Photograph byKent Johnson Food Styling by Maggie Ruggiero


    

Crispy Salt and Pepper Shrimp with Celery

Starters from Issue 12 - Winter 2018 – The Senses

There are certain sounds that are universally beloved. The sound of water in its many incarnations, from waves gently lapping against rocks to the steady staccato of rain against your car or apartment windows; a lover’s laugh; the crackling trail you make walking through autumn’s first leaves; and, of course, the gratifying crunch of sinking your teeth into something crisp and vegetal like an apple or celery.
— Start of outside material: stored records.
(* Let $v\ge2$ and $M,N\in{\cal I}_v$ with $N=N_1+N_2$, where $N_1=\beta M$ for some $\beta\in\mathbb R$ and $M\perp N_2$ with respect to $(x,y):=\mathrm{Re}(xy^* )$. Then $$\{e^M,e^N\}=2(\cos|M|)\,e^N+2\,\frac{\sin|M|}{|M|}\,M\Big(\cos|N|+\frac{\sin|N|}{|N|}N_1\Big).$$
   Context: ${\cal A}_v$ is the real Cayley-Dickson algebra of dimension $2^v$, $z^*$ its conjugation, $\mathrm{Re}(z)=(z+z^* )/2$, $|z|=(zz^* )^{1/2}$, ${\cal I}_v=\{z:\mathrm{Re}(z)=0\}$. For $M\in{\cal I}_v$, $e^M=\cos|M|+\frac{\sin|M|}{|M|}M$ (with $\frac{\sin|M|}{|M|}:=1$ when $M=0$). $\{a,b\}:=ab+ba$ is the anticommutator. *)

From Stdlib Require Import Reals.
Open Scope R_scope.

(* Real Cayley-Dickson algebra A_v of dimension 2^v:
   A_0 = R, A_{v+1} = A_v x A_v with
   (a,b)(c,d) = (ac - conj(d) b, da + b conj(c)),  conj(a,b) = (conj a, -b). *)
Fixpoint CD (v : nat) : Type :=
  match v with O => R | S n => (CD n * CD n)%type end.

Fixpoint cd_real (v : nat) : R -> CD v :=
  match v return R -> CD v with
  | O => fun r => r
  | S n => fun r => (cd_real n r, cd_real n 0)
  end.

Definition cd_zero (v : nat) : CD v := cd_real v 0.

Fixpoint cd_add (v : nat) : CD v -> CD v -> CD v :=
  match v return CD v -> CD v -> CD v with
  | O => fun x y => x + y
  | S n => fun x y => (cd_add n (fst x) (fst y), cd_add n (snd x) (snd y))
  end.

Fixpoint cd_opp (v : nat) : CD v -> CD v :=
  match v return CD v -> CD v with
  | O => fun x => - x
  | S n => fun x => (cd_opp n (fst x), cd_opp n (snd x))
  end.

Definition cd_sub (v : nat) (x y : CD v) : CD v := cd_add v x (cd_opp v y).

Fixpoint cd_scal (v : nat) : R -> CD v -> CD v :=
  match v return R -> CD v -> CD v with
  | O => fun r x => r * x
  | S n => fun r x => (cd_scal n r (fst x), cd_scal n r (snd x))
  end.

Fixpoint cd_conj (v : nat) : CD v -> CD v :=
  match v return CD v -> CD v with
  | O => fun x => x
  | S n => fun x => (cd_conj n (fst x), cd_opp n (snd x))
  end.

Fixpoint cd_mul (v : nat) : CD v -> CD v -> CD v :=
  match v return CD v -> CD v -> CD v with
  | O => fun x y => x * y
  | S n => fun x y =>
      let a := fst x in let b := snd x in let c := fst y in let d := snd y in
      (cd_sub n (cd_mul n a c) (cd_mul n (cd_conj n d) b),
       cd_add n (cd_mul n d a) (cd_mul n b (cd_conj n c)))
  end.

Definition cd_Re (v : nat) (z : CD v) : CD v :=
  cd_scal v (/ 2) (cd_add v z (cd_conj v z)).

Fixpoint cd_re0 (v : nat) : CD v -> R :=
  match v return CD v -> R with
  | O => fun x => x
  | S n => fun x => cd_re0 n (fst x)
  end.

(* |z| = (z z^* )^{1/2}; z z^* is real, we take the square root of its
   real coordinate *)
Definition cd_norm (v : nat) (z : CD v) : R :=
  sqrt (cd_re0 v (cd_mul v z (cd_conj v z))).

Definition cd_inner (v : nat) (x y : CD v) : CD v :=
  cd_Re v (cd_mul v x (cd_conj v y)).

Definition cd_imag (v : nat) (z : CD v) : Prop := cd_Re v z = cd_zero v.

Definition sinc (r : R) : R := if Req_EM_T r 0 then 1 else sin r / r.

Definition cd_exp (v : nat) (M : CD v) : CD v :=
  cd_add v (cd_real v (cos (cd_norm v M))) (cd_scal v (sinc (cd_norm v M)) M).

Definition cd_anticomm (v : nat) (a b : CD v) : CD v :=
  cd_add v (cd_mul v a b) (cd_mul v b a).

(** The identity is linear in the scalars [cos] and [sinc]: expanding both
    exponentials, [{e^M, e^N}] equals [2 cos|M| e^N + 2 sinc|M| cos|N| M]
    plus [sinc|M| sinc|N| {M, N}], and [{M, N} = 2 beta M^2 + {M, N2}].
    For purely imaginary [x], [y] one has [(x, y) = -{x, y}/2], so the
    orthogonality of [M] and [N2] (the latter imaginary because [N] and
    [N1 = beta M] are) makes them anticommute, and what is left is
    [2 sinc|M| sinc|N| M N1].  No property of the norm is used, and the
    identity holds in every [A_v]. *)

From Stdlib Require Import Reals Lra.
Open Scope R_scope.

(* On [CD v] only the first [2^v] indices matter; larger ones wrap around. *)
Fixpoint coord (v : nat) : CD v -> nat -> R :=
  match v return CD v -> nat -> R with
  | O => fun x _ => x
  | S n => fun x i => if Nat.even i then coord n (fst x) (Nat.div2 i)
                      else coord n (snd x) (Nat.div2 i)
  end.

Lemma cd_ext v : forall x y : CD v, (forall i, coord v x i = coord v y i) -> x = y.
Proof.
  induction v as [|n IH]; simpl.
  - intros x y H; exact (H O).
  - intros [x1 x2] [y1 y2] H; simpl in H; f_equal; apply IH; intro k.
    + specialize (H (2 * k)%nat).
      rewrite Nat.even_mul, Nat.div2_double in H; exact H.
    + specialize (H (S (2 * k))%nat).
      rewrite Nat.even_succ, Nat.odd_mul, Nat.div2_succ_double in H; exact H.
Qed.

Lemma coord_add v : forall x y i, coord v (cd_add v x y) i = coord v x i + coord v y i.
Proof. induction v; simpl; auto; intros; destruct (Nat.even i); apply IHv. Qed.

Lemma coord_opp v : forall x i, coord v (cd_opp v x) i = - coord v x i.
Proof. induction v; simpl; auto; intros; destruct (Nat.even i); apply IHv. Qed.

Lemma coord_scal v : forall r x i, coord v (cd_scal v r x) i = r * coord v x i.
Proof. induction v; simpl; auto; intros; destruct (Nat.even i); apply IHv. Qed.

Lemma coord_sub v : forall x y i, coord v (cd_sub v x y) i = coord v x i - coord v y i.
Proof. intros; unfold cd_sub; rewrite coord_add, coord_opp; ring. Qed.

Lemma coord_real v : forall r i, coord v (cd_real v r) i = r * coord v (cd_real v 1) i.
Proof.
  induction v; simpl; intros; [ring|].
  destruct (Nat.even i); [apply IHv | rewrite (IHv 0); ring].
Qed.

Lemma coord_zero v : forall i, coord v (cd_zero v) i = 0.
Proof. intros; unfold cd_zero; rewrite coord_real; ring. Qed.

(* Proves an identity of [CD v] that only uses the real vector space
   structure, by comparing coordinates with [ring]. *)
Ltac cd_linear :=
  apply cd_ext; intro i;
  repeat rewrite ?coord_add, ?coord_opp, ?coord_scal, ?coord_sub, ?coord_zero;
  repeat match goal with |- context [coord ?w (cd_real ?w ?r) ?j] =>
    assert_fails (constr_eq r 1); rewrite (coord_real w r j) end;
  ring.

Lemma cd_conj_add v : forall x y,
  cd_conj v (cd_add v x y) = cd_add v (cd_conj v x) (cd_conj v y).
Proof. induction v; simpl; auto; intros; f_equal; auto; cd_linear. Qed.

Lemma cd_conj_opp v : forall x, cd_conj v (cd_opp v x) = cd_opp v (cd_conj v x).
Proof. induction v; simpl; auto; intros; f_equal; auto. Qed.

Lemma cd_conj_scal v : forall r x, cd_conj v (cd_scal v r x) = cd_scal v r (cd_conj v x).
Proof. induction v; simpl; auto; intros; f_equal; auto; cd_linear. Qed.

Lemma cd_conj_sub v : forall x y,
  cd_conj v (cd_sub v x y) = cd_sub v (cd_conj v x) (cd_conj v y).
Proof. intros; unfold cd_sub; rewrite cd_conj_add, cd_conj_opp; auto. Qed.

Lemma cd_conj_real v : forall r, cd_conj v (cd_real v r) = cd_real v r.
Proof. induction v; simpl; auto; intros; f_equal; auto; cd_linear. Qed.

Lemma cd_conjK v : forall x, cd_conj v (cd_conj v x) = x.
Proof. induction v; simpl; auto; intros [a b]; simpl; f_equal; auto; cd_linear. Qed.

Lemma cd_opp_scal v : forall x, cd_opp v x = cd_scal v (-1) x.
Proof. intros; cd_linear. Qed.

Lemma cd_mul_add v :
  (forall x y z, cd_mul v (cd_add v x y) z = cd_add v (cd_mul v x z) (cd_mul v y z)) /\
  (forall x y z, cd_mul v x (cd_add v y z) = cd_add v (cd_mul v x y) (cd_mul v x z)).
Proof.
  induction v as [|n [L R]]; simpl.
  - split; intros; ring.
  - split; intros [x1 x2] [y1 y2] [z1 z2]; simpl; f_equal;
      rewrite ?L, ?R, ?cd_conj_add, ?L, ?R; cd_linear.
Qed.

Definition cd_mul_addl v := proj1 (cd_mul_add v).
Definition cd_mul_addr v := proj2 (cd_mul_add v).

Lemma cd_mul_scal v :
  (forall r x y, cd_mul v (cd_scal v r x) y = cd_scal v r (cd_mul v x y)) /\
  (forall r x y, cd_mul v x (cd_scal v r y) = cd_scal v r (cd_mul v x y)).
Proof.
  induction v as [|n [L R]]; simpl.
  - split; intros; ring.
  - split; intros r [x1 x2] [y1 y2]; simpl; f_equal;
      rewrite ?L, ?R, ?cd_conj_scal, ?L, ?R; cd_linear.
Qed.

Definition cd_mul_scall v := proj1 (cd_mul_scal v).
Definition cd_mul_scalr v := proj2 (cd_mul_scal v).

Lemma cd_mul_real v :
  (forall r x, cd_mul v (cd_real v r) x = cd_scal v r x) /\
  (forall r x, cd_mul v x (cd_real v r) = cd_scal v r x).
Proof.
  induction v as [|n [L R]]; simpl.
  - split; intros; ring.
  - split; intros r [x1 x2]; simpl; f_equal;
      rewrite ?L, ?R, ?cd_conj_real, ?L, ?R; cd_linear.
Qed.

Definition cd_mul_reall v := proj1 (cd_mul_real v).
Definition cd_mul_realr v := proj2 (cd_mul_real v).

Lemma cd_conj_mul v : forall x y,
  cd_conj v (cd_mul v x y) = cd_mul v (cd_conj v y) (cd_conj v x).
Proof.
  induction v as [|n IH]; simpl.
  - intros; ring.
  - intros [a b] [c d]; simpl; f_equal.
    + rewrite cd_conj_sub, !IH, cd_conjK, !cd_opp_scal, ?cd_conj_scal,
        ?cd_mul_scall, ?cd_mul_scalr.
      cd_linear.
    + rewrite ?cd_conj_add, ?IH, ?cd_conjK, !cd_opp_scal, ?cd_conj_scal,
        ?cd_mul_scall, ?cd_mul_scalr, ?cd_conjK.
      cd_linear.
Qed.

Lemma cd_imagP v z : cd_imag v z <-> cd_conj v z = cd_opp v z.
Proof.
  unfold cd_imag, cd_Re; split; intro H.
  - apply cd_ext; intro i.
    apply (f_equal (fun w => coord v w i)) in H.
    rewrite coord_scal, coord_add, coord_zero in H.
    rewrite coord_opp; lra.
  - rewrite H; cd_linear.
Qed.

Lemma cd_imag_scal v r z : cd_imag v z -> cd_imag v (cd_scal v r z).
Proof. rewrite !cd_imagP, cd_conj_scal; intros ->; cd_linear. Qed.

Lemma cd_imag_addr v x y :
  cd_imag v x -> cd_imag v (cd_add v x y) -> cd_imag v y.
Proof.
  rewrite !cd_imagP, cd_conj_add; intros Hx Hxy; rewrite Hx in Hxy.
  apply cd_ext; intro i.
  apply (f_equal (fun w => coord v w i)) in Hxy.
  repeat rewrite ?coord_add, ?coord_opp in Hxy.
  rewrite coord_opp; lra.
Qed.

Lemma cd_inner_imag v x y : cd_imag v x -> cd_imag v y ->
  cd_inner v x y = cd_scal v (- / 2) (cd_anticomm v x y).
Proof.
  rewrite !cd_imagP; intros Hx Hy.
  unfold cd_inner, cd_Re, cd_anticomm.
  rewrite cd_conj_mul, cd_conjK, Hx, Hy, !cd_opp_scal, ?cd_mul_scall, ?cd_mul_scalr.
  cd_linear.
Qed.

Lemma cd_anticomm_orthogonal v x y : cd_imag v x -> cd_imag v y ->
  cd_inner v x y = cd_zero v -> cd_anticomm v x y = cd_zero v.
Proof.
  intros Hx Hy Hxy; rewrite cd_inner_imag in Hxy by assumption.
  apply cd_ext; intro i.
  apply (f_equal (fun w => coord v w i)) in Hxy.
  rewrite coord_scal, coord_zero in Hxy; rewrite coord_zero; lra.
Qed.

Lemma cd_anticomm_affine v (a s c t beta : R) (M N1 N2 : CD v) :
  N1 = cd_scal v beta M -> cd_anticomm v M N2 = cd_zero v ->
  cd_anticomm v (cd_add v (cd_real v a) (cd_scal v s M))
                (cd_add v (cd_real v c) (cd_scal v t (cd_add v N1 N2))) =
  cd_add v
    (cd_scal v (2 * a) (cd_add v (cd_real v c) (cd_scal v t (cd_add v N1 N2))))
    (cd_scal v (2 * s) (cd_mul v M (cd_add v (cd_real v c) (cd_scal v t N1)))).
Proof.
  intros -> HMN2.
  assert (Hswap : cd_mul v N2 M = cd_opp v (cd_mul v M N2)).
  { apply cd_ext; intro i; apply (f_equal (fun w => coord v w i)) in HMN2.
    unfold cd_anticomm in HMN2; rewrite coord_add, coord_zero in HMN2.
    rewrite coord_opp; lra. }
  unfold cd_anticomm.
  repeat rewrite ?cd_mul_addl, ?cd_mul_addr, ?cd_mul_scall, ?cd_mul_scalr,
    ?cd_mul_reall, ?cd_mul_realr.
  rewrite Hswap; cd_linear.
Qed.

Theorem lemma12 (v : nat) (M N N1 N2 : CD v) :
  (2 <= v)%nat ->
  cd_imag v M -> cd_imag v N ->
  N = cd_add v N1 N2 ->
  (exists beta : R, N1 = cd_scal v beta M) ->
  cd_inner v M N2 = cd_zero v ->
  cd_anticomm v (cd_exp v M) (cd_exp v N) =
  cd_add v
    (cd_scal v (2 * cos (cd_norm v M)) (cd_exp v N))
    (cd_scal v (2 * sinc (cd_norm v M))
       (cd_mul v M
          (cd_add v (cd_real v (cos (cd_norm v N)))
                    (cd_scal v (sinc (cd_norm v N)) N1)))).
Proof.
  intros _ HM HN HNsplit [beta HN1] HMN2.
  assert (HN2 : cd_imag v N2).
  { apply (cd_imag_addr v N1); [rewrite HN1; apply cd_imag_scal | rewrite <- HNsplit];
      assumption. }
  unfold cd_exp; rewrite HNsplit.
  apply cd_anticomm_affine with (beta := beta); [assumption|].
  apply cd_anticomm_orthogonal; assumption.
Qed.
Our starter couples that crunch with another—quick-fried, shell-on shrimp—for a doubly satisfying effect.

serves 4




  • 2 ½ tsp coarse salt
  • 1 Tbsp coarsely ground black pepper
  • about 1 cup canola or vegetable oil for frying
  • 4 garlic cloves, thinly sliced
  • 1 cup celery leaves (or, if your bunch doesn’t have enough, add parsley or cilantro)
  • ¾ cup cornstarch
  • 1 lb unpeeled medium shrimp
  • 1 lemon
  • 6 stalks celery, thinly sliced on the bias

  • 1

    Gently heat salt in a medium saucepan until hot and starting to toast, about 3 minutes. Transfer to a mortar and pestle or spice grinder, add pepper, and grind until medium-fine. Wipe out pan and return to stove.

  • 2

    Add just enough oil to thinly coat bottom of pan and heat over medium heat. Stir in garlic and cook until golden. Add celery leaves and cook until just translucent. Transfer leaves and garlic to a paper towel-lined plate. Wipe out pan again.

  • 3

    Stir ½ tsp toasted salt and pepper into cornstarch in a medium bowl. Cut along outer curve of shrimp shell and devein, keeping shells on.

  • 4

    Add enough oil to pan to bring up to ¼ inch and heat over medium-high until a crumb dropped into the oil sizzles. Coat half the shrimp in the cornstarch, shaking off excess. Cook without crowding until crispy. Drain on a paper towel-lined plate and keep warm while cooking remaining shrimp, adding a little more oil if needed. Season generously with toasted salt and pepper and toss with fried leaves and garlic.

  • 5

    Peel 4 generous strips of rind from lemon and cut into fine slivers. Place in a bowl and squeeze lemon juice over. Stir in celery and sprinkle with salt and pepper. Serve alongside shrimp.